Earlier this week, state public health officials noticed an uptick in cases across the state. 

And a case bump prevented Orange County from moving into the Tier Three of the state’s tiered coronavirus business reopening guidelines. 

That means OC won’t be able to reopen bars for outdoor operations and allow more people into restaurants, churches, gyms, movie theaters and malls as the county remains in the red tier, or Tier Two. Bowling alleys also remain closed. 

One key metric for moving through the tiers is having less than an average of four daily new cases per 100,000 residents. 

As of Thursday, OC was at 5.73, which is showing a slight increase of cases over a seven-day period. 

Chau attributed the bump to Labor Day weekend, but didn’t offer any specifics. 

Since the pandemic began in March, the virus has killed 1,281 county residents out of 54,118 confirmed cases, including six new deaths reported Friday, according to the county Health Care Agency. 

For context, Orange County has averaged around 20,000 deaths a year since 2016, according to state health data. According to those same statistics, the flu kills about 543 OC residents annually.  

Along with the case bump OC saw, hospitalizations also saw a slight bump. 

As of Friday, there’s 175 people hospitalized, including 48 in intensive care units. That’s up from 162 on Monday. 

Over 881,000 tests have been conducted throughout OC, which is home to roughly 3.2 million people. Some people, like medical workers, get tested numerous times. 

The Irvine Unified School District has invested more than $21 million in health and safety measures including air purification units, personal protective equipment and training for staff

The district’s 22,000 students returned to the classroom last Thursday — one of the first districts to do so — despite mounting opposition from some teachers who have expressed concern for the safety of students, colleagues and their families.

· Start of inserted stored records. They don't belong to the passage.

Lemma trunc_moment_le_exp_moment (lam c : R) (n k M : nat) : 0 <= lam -> 0 <= c ->
  trunc_moment lam n k M
  <= (2 * c) ^ k + 2 ^ k * INR (fact k) * exp (- c)
       * trunc_sum lam M (box n) (fun x => exp (INR (Defs.N n x))) (fun _ => 0%nat).
Proof.
  intros Hlam Hc. unfold trunc_moment.
  eapply Rle_trans.
  { apply (trunc_sum_le lam M Hlam (box n) _
      (fun x => (2 * c) ^ k * 1 + 2 ^ k * INR (fact k) * exp (- c) * exp (INR (Defs.N n x)))).
    intro x. rewrite Rmult_1_r. apply pow_le_pow_add_exp; [apply pos_INR | assumption]. }
  rewrite trunc_sum_plus, !trunc_sum_scal.
  pose proof (trunc_sum_one_le lam M Hlam (box n) (fun _ => 0%nat)).
  assert (0 <= (2 * c) ^ k) by (apply pow_le; lra).
  apply Rplus_le_compat_r. rewrite <- (Rmult_1_r ((2 * c) ^ k)) at 2.
  apply Rmult_le_compat_l; assumption.
Qed.
Lemma m_tangent_le (x z : R) : 0 < x -> x <= z -> z < 1 -> m x + m1 x * (z - x) <= m z.
Proof.
move=> x0 xz z1.
have w01 w : x <= w <= z -> 0 < w < 1 by move=> /andP[xw wz]; apply/andP; split; lra.
apply: (@convex_tangent_le R m m1 m2 x z xz) => w /w01 w01'.
- exact: m_derive.
- exact: m1_derive.
- by case/andP: w01' => w0 w1; apply/ltW/m2_gt0; rewrite (ltW w0) w1.
Qed.

Lemma mu_exceedance_le (y kappa : R) : 0 < y -> 0 < kappa ->
  (mu (exceedance g y kappa) <= (expR (- kappa - y))%:E)%E.
Proof.
move=> y0 k0; have [/andP[_ gy1] mgy] := gK (ltW y0); have gy0 := g_gt0 y0.
have m1gy : 0 < m1 (g y) by apply: m1_gt0; rewrite ltW.
pose x := g y + kappa / m1 (g y).
have gyx : g y < x by rewrite /x ltrDl divr_gt0.
have sub : exceedance g y kappa `&` [set z : R | 0 < z < 1] `<=` [set z : R | x < z < 1].
  move=> z [] /=; rewrite /exceedance /= derive1_g // invrK -ltr_pdivrMr //.
  move=> kz /andP[_ ->].
  by rewrite andbT /x -ltrBrDl.
rewrite measure_setI01; last exact: measurable_exceedance.
have [x1|x1] := ltP x 1; last first.
  rewrite (_ : _ `&` _ = set0) ?measure0 ?lee_fin ?expR_ge0 //.
  by apply/seteqP; split => // z /sub /= /andP[]; lra.
have tail_x : (mu [set z : R | (x < z < 1)%R] <= (expR (- kappa - y))%:E)%E.
  rewrite mu_tail_expR ?x1 ?andbT; last by rewrite ltW // (lt_trans gy0).
  rewrite lee_fin ler_expR.
  have := m_tangent_le gy0 (ltW gyx) x1.
  rewrite mgy /x addrAC subrr add0r mulrC divfK ?gt_eqF //; lra.
apply: le_trans (le_measure _ _ _ sub) tail_x; rewrite inE.
- exact: measurableI (measurable_exceedance _ _ _) (measurable_set_oo _ _).
- exact: measurable_set_oo.
Qed.

(* Nothing is known about [derive1 g 0] ([0] is the boundary of the domain of
   [g]), but on [(0,1)] the normalised variable is bounded by its inverse, also
   when it is [0] since then [0^-1 = 0]. *)
Lemma mu_exceedance0 (kappa : R) :
  `|derive1 g 0|^-1 < kappa -> mu (exceedance g 0 kappa) = 0%E.
Proof.
move=> kd; rewrite measure_setI01; last exact: measurable_exceedance.
rewrite (_ : _ `&` _ = set0) ?measure0 //; apply/seteqP; split => // z [].
rewrite /exceedance /= => kz /andP[z0 z1].
have [/andP[g00 g01] _] := gK (lexx 0).
have : (z - g 0) / derive1 g 0 <= `|derive1 g 0|^-1.
  rewrite (le_trans (ler_norm _)) // normrM normfV ler_piMl // ler_norml.
  by apply/andP; split; lra.
lra.
Qed.

Lemma mu_exceedance_ln_le (n : nat) (s kappa : R) : (0 < n)%N -> 1 <= s -> 0 < kappa ->
  `|derive1 g 0|^-1 < kappa ->
  (mu (exceedance g (ln (n%:R * s)) kappa) <= (expR (- kappa) / (n%:R * s))%:E)%E.
Proof.
move=> n0 s1 k0 kd.
have ns1 : 1 <= n%:R * s by rewrite mulr_ege1 // ler1n.
have ns0 : 0 < n%:R * s by lra.
have [ln0|ln_gt0] := eqVneq (ln (n%:R * s)) 0.
  by rewrite ln0 mu_exceedance0 // lee_fin divr_ge0 ?expR_ge0 ?ltW.
apply: le_trans (mu_exceedance_le _ k0) _.
  by rewrite lt_neqAle eq_sym ln_gt0 ln_ge0.
by rewrite lee_fin expRD [expR (- ln _)]expRN lnK.
Qed.

Lemma sum_mu_exceedance_le (s kappa a b : R) :
  1 <= s -> 0 < a <= b -> 1 <= b -> 0 < kappa -> `|derive1 g 0|^-1 < kappa ->
  (\sum_(n < (Num.truncn b).+1 | (a <= n%:R)%R) mu (exceedance g (ln (n%:R * s)) kappa)
    <= (expR (- kappa) / s * (2 * (ln b - ln a + 1)))%:E)%E.
Proof.
move=> s1 ab b1 k0 kd; have /andP[a0 _] := ab.
apply: (@le_trans _ _
  (\sum_(n < (Num.truncn b).+1 | (a <= n%:R)%R) (expR (- kappa) / s * n%:R^-1)%:E)).
  apply: lee_sum => n an; rewrite -mulrA -invfM [s * _]mulrC.
  by apply: mu_exceedance_ln_le => //; rewrite -(ltr0n R) (lt_le_trans a0).
rewrite sumEFin lee_fin -mulr_sumr; apply: ler_wpM2l; last exact: sum_harmonic_window_le.
by rewrite divr_ge0 ?expR_ge0 //; lra.
Qed.
End survival_function.
(* Let $(X,d)$ be a compact metric space and let $f:X\to X$ be a continuous map. Then there is no subsystem $(Y,f|_Y)$ of $(X,f)$ such that the chain components poset $(\mathfrak{C}(Y,f|_Y),\preceq)$ is linearly and densely ordered.
   Context: A subsystem of $(X,f)$ is a pair $(Y,f|_Y)$ with $Y\subseteq X$ closed and $f$-invariant, i.e. $f(Y)\subseteq Y$. For a metric space $(Z,d)$ and map $g:Z\to Z$: an $\varepsilon$-chain from $x$ to $y$ is a finite sequence $x_0=x,\dots,x_n=y$ in $Z$, $n\ge1$, with $d(g(x_i),x_{i+1})<\varepsilon$; $x\,\mathcal{C}\,y$ iff for every $\varepsilon>0$ there is an $\varepsilon$-chain from $x$ to $y$; $CR(Z,g)=\{x:x\,\mathcal{C}\,x\}$; $x\,E\,y$ iff $x\,\mathcal{C}\,y$ and $y\,\mathcal{C}\,x$; $\mathfrak{C}(Z,g)=CR(Z,g)/E$ (chain components), ordered by $[x]\preceq[y]$ iff $y\,\mathcal{C}\,x$. A poset is densely ordered if it has at least two elements and for every $a<b$ there is $c$ with $a<c<b$. *)

From HB Require Import structures.
From mathcomp Require Import all_boot all_order all_algebra.
From mathcomp Require Import all_classical all_reals all_analysis.
Set Implicit Arguments. Unset Strict Implicit. Unset Printing Implicit Defensive.
Import Order.TTheory GRing.Theory Num.Theory.
Local Open Scope classical_set_scope.
Local Open Scope ring_scope.

(* Chain recurrence for the subsystem (Y, g|_Y) of a metric space X:
   all chain points lie in Y, distance is the (restricted) metric mdist. *)
Section ChainDefs.
Context {R : realType} {X : metricType R}.

Definition eps_chain_in (Y : set X) (g : X -> X) (eps : R) (x y : X) : Prop :=
  exists (n : nat) (s : nat -> X),
    [/\ (0 < n)%N, s 0%N = x, s n = y,
        (forall i, (i <= n)%N -> Y (s i)) &
        (forall i, (i < n)%N -> mdist (g (s i)) (s i.+1) < eps)].

Definition chain_rel_in (Y : set X) (g : X -> X) (x y : X) : Prop :=
  forall eps : R, 0 < eps -> eps_chain_in Y g eps x y.

Definition chain_recurrent_in (Y : set X) (g : X -> X) : set X :=
  [set x | Y x /\ chain_rel_in Y g x x].

Definition chain_equiv_in (Y : set X) (g : X -> X) (x y : X) : Prop :=
  chain_rel_in Y g x y /\ chain_rel_in Y g y x.

Definition chain_class_in (Y : set X) (g : X -> X) (x : X) : set X :=
  [set y | chain_recurrent_in Y g y /\ chain_equiv_in Y g x y].

Definition chain_components_in (Y : set X) (g : X -> X) : set (set X) :=
  [set A | exists x, chain_recurrent_in Y g x /\ A = chain_class_in Y g x].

Testing has been one of those concerns. 

Neither school districts or the county Health Care Agency are requiring testing. However, the Irvine Unified School District is doing optional free testing for its employees. An employee can get tested every two months or sooner if needed due to an exposure. There are also over 50 testing sites in the County that administer them for free.

“You really have to do testing up to twice a week in order to have testing provide a sustained significant benefit for any kind of group. Logistically that poses all kinds of issues,” Zahn said about mandating tests at school.

In the Los Angeles Unified School district, a negative coronavirus result will be an admission requirement to return to school in person. 

LA County’s virus website details outbreaks at schools, businesses, nursing homes and homeless shelters. 

Orange County isn’t doing any of that. 

State guidance recommends that if 5% of a school contracts the virus in a two-week period, it should be closed and districts will close completely if a quarter or more of their schools are shut down in a two-week period.